_TO DO_:
From the data below, retype exactly the lines starting with the one that contains "have [|wfa_lt0] := leP" and ending with the one that contains "be a linearly", both included.

*** Begin section ***

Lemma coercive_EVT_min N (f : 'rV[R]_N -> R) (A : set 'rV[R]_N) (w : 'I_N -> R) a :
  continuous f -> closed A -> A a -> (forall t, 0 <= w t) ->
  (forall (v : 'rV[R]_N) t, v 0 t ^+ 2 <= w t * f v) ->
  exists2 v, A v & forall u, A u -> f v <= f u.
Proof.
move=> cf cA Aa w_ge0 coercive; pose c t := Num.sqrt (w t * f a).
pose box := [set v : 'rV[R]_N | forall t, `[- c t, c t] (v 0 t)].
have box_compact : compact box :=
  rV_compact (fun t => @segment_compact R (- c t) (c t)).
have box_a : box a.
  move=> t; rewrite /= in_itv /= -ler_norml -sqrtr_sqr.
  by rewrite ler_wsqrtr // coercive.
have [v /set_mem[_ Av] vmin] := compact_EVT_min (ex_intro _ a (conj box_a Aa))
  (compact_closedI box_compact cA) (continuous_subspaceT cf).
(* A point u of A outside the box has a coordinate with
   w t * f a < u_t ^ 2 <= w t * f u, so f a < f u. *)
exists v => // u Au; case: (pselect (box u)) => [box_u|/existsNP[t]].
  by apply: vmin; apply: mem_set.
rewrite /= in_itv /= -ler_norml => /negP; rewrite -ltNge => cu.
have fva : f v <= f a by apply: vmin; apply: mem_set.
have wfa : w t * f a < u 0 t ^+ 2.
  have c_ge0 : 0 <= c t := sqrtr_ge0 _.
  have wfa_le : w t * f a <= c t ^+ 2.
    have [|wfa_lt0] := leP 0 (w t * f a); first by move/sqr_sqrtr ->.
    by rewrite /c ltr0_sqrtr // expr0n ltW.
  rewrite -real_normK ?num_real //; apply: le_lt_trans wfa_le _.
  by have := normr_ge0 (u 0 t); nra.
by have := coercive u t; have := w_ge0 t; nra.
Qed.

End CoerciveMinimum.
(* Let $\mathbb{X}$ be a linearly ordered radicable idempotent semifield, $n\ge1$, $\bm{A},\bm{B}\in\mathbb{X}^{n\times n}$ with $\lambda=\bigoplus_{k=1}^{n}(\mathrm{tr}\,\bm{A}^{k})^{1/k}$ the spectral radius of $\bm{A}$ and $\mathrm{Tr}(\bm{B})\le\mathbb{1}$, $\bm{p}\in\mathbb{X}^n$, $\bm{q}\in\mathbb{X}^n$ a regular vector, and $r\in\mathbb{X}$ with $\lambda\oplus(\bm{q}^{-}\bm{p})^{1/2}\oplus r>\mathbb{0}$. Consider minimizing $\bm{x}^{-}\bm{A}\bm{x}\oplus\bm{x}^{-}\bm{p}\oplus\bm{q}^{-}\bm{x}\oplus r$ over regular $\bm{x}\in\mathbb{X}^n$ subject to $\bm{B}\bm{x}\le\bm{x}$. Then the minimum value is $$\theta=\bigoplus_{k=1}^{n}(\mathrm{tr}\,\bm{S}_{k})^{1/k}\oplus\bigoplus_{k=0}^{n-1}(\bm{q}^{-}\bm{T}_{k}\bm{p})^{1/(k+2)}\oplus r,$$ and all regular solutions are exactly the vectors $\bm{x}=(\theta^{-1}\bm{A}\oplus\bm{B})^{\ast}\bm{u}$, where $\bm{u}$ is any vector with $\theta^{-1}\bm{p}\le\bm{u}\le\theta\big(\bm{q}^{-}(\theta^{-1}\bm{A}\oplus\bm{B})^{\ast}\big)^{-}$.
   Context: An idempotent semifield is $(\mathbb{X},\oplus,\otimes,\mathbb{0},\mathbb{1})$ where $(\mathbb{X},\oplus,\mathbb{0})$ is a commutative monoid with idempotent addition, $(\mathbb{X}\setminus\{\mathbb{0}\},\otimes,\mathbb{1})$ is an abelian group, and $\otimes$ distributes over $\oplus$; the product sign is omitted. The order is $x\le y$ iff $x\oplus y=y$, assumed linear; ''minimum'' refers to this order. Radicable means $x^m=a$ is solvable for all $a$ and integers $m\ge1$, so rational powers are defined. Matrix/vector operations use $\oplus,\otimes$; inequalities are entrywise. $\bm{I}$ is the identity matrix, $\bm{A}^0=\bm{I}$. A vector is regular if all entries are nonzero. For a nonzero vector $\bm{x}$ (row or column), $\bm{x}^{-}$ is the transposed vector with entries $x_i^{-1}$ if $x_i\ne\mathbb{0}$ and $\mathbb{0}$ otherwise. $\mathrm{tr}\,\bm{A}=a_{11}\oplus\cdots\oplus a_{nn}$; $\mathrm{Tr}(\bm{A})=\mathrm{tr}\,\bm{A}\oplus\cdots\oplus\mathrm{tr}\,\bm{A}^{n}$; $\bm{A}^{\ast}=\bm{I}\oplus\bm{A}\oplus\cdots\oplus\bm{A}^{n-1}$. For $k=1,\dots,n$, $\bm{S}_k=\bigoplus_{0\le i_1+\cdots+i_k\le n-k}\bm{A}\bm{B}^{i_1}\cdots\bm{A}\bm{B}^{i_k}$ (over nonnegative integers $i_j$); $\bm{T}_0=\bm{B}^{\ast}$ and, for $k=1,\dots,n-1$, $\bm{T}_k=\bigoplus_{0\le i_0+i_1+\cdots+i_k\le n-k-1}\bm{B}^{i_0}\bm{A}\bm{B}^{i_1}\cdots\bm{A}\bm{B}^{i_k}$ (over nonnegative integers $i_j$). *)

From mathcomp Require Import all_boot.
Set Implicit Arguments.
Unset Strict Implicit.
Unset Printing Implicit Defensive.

*** End section ***
*** Begin section ***

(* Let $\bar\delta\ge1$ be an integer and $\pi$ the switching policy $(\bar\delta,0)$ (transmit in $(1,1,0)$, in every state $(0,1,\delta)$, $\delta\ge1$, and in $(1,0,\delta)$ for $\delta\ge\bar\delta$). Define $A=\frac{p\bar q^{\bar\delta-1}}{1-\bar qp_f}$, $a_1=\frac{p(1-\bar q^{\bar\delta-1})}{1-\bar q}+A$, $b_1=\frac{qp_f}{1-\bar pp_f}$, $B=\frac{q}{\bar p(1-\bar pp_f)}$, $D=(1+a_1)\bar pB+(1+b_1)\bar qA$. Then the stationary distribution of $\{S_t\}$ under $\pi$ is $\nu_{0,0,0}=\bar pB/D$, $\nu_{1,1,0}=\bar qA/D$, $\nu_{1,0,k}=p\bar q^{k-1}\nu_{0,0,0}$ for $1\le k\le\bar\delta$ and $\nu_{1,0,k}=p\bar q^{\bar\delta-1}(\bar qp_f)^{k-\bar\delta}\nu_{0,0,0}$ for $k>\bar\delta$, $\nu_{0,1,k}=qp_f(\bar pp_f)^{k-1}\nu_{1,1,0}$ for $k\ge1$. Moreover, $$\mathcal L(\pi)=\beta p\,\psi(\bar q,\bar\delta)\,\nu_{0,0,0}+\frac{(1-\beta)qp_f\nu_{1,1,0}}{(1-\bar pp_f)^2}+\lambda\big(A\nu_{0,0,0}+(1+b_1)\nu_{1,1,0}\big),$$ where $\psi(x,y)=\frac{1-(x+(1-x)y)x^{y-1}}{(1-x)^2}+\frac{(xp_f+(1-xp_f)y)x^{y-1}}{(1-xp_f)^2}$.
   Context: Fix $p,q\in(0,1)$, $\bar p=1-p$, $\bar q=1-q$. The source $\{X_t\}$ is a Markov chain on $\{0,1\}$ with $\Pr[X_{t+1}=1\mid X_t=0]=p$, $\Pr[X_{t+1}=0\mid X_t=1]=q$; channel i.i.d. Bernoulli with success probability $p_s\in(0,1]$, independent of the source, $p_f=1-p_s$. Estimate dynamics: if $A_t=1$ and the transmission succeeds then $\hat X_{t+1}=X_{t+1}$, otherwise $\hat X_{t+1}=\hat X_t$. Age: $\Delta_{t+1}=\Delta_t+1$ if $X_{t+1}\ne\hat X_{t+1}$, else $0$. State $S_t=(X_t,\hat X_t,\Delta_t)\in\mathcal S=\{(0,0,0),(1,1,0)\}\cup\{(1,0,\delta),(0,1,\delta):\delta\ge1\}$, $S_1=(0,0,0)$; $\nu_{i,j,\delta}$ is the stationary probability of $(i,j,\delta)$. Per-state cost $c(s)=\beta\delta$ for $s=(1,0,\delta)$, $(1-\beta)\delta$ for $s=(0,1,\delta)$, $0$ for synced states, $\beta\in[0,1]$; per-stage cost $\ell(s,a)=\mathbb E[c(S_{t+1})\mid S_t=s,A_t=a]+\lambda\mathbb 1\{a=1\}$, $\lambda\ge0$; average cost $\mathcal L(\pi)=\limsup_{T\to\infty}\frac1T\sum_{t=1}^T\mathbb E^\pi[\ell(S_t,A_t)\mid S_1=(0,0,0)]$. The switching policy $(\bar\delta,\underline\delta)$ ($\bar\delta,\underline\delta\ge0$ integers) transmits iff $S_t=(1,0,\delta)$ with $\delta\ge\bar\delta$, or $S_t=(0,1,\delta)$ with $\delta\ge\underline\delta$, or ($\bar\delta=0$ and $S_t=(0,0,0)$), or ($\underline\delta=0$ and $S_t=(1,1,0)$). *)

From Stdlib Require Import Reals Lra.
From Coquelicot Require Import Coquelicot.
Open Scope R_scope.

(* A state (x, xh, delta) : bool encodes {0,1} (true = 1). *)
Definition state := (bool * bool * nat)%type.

*** End section ***

_WRITTEN ANSWER_:
    have [|wfa_lt0] := leP 0 (w t * f a); first by move/sqr_sqrtr ->.
    by rewrite /c ltr0_sqrtr // expr0n ltW.
  rewrite -real_normK ?num_real //; apply: le_lt_trans wfa_le _.
  by have := normr_ge0 (u 0 t); nra.
by have := coercive u t; have := w_ge0 t; nra.
Qed.

End CoerciveMinimum.
(* Let $\mathbb{X}$ be a linearly ordered radicable idempotent semifield, $n\ge1$, $\bm{A},\bm{B}\in\mathbb{X}^{n\times n}$ with $\lambda=\bigoplus_{k=1}^{n}(\mathrm{tr}\,\bm{A}^{k})^{1/k}$ the spectral radius of $\bm{A}$ and $\mathrm{Tr}(\bm{B})\le\mathbb{1}$, $\bm{p}\in\mathbb{X}^n$, $\bm{q}\in\mathbb{X}^n$ a regular vector, and $r\in\mathbb{X}$ with $\lambda\oplus(\bm{q}^{-}\bm{p})^{1/2}\oplus r>\mathbb{0}$. Consider minimizing $\bm{x}^{-}\bm{A}\bm{x}\oplus\bm{x}^{-}\bm{p}\oplus\bm{q}^{-}\bm{x}\oplus r$ over regular $\bm{x}\in\mathbb{X}^n$ subject to $\bm{B}\bm{x}\le\bm{x}$. Then the minimum value is $$\theta=\bigoplus_{k=1}^{n}(\mathrm{tr}\,\bm{S}_{k})^{1/k}\oplus\bigoplus_{k=0}^{n-1}(\bm{q}^{-}\bm{T}_{k}\bm{p})^{1/(k+2)}\oplus r,$$ and all regular solutions are exactly the vectors $\bm{x}=(\theta^{-1}\bm{A}\oplus\bm{B})^{\ast}\bm{u}$, where $\bm{u}$ is any vector with $\theta^{-1}\bm{p}\le\bm{u}\le\theta\big(\bm{q}^{-}(\theta^{-1}\bm{A}\oplus\bm{B})^{\ast}\big)^{-}$.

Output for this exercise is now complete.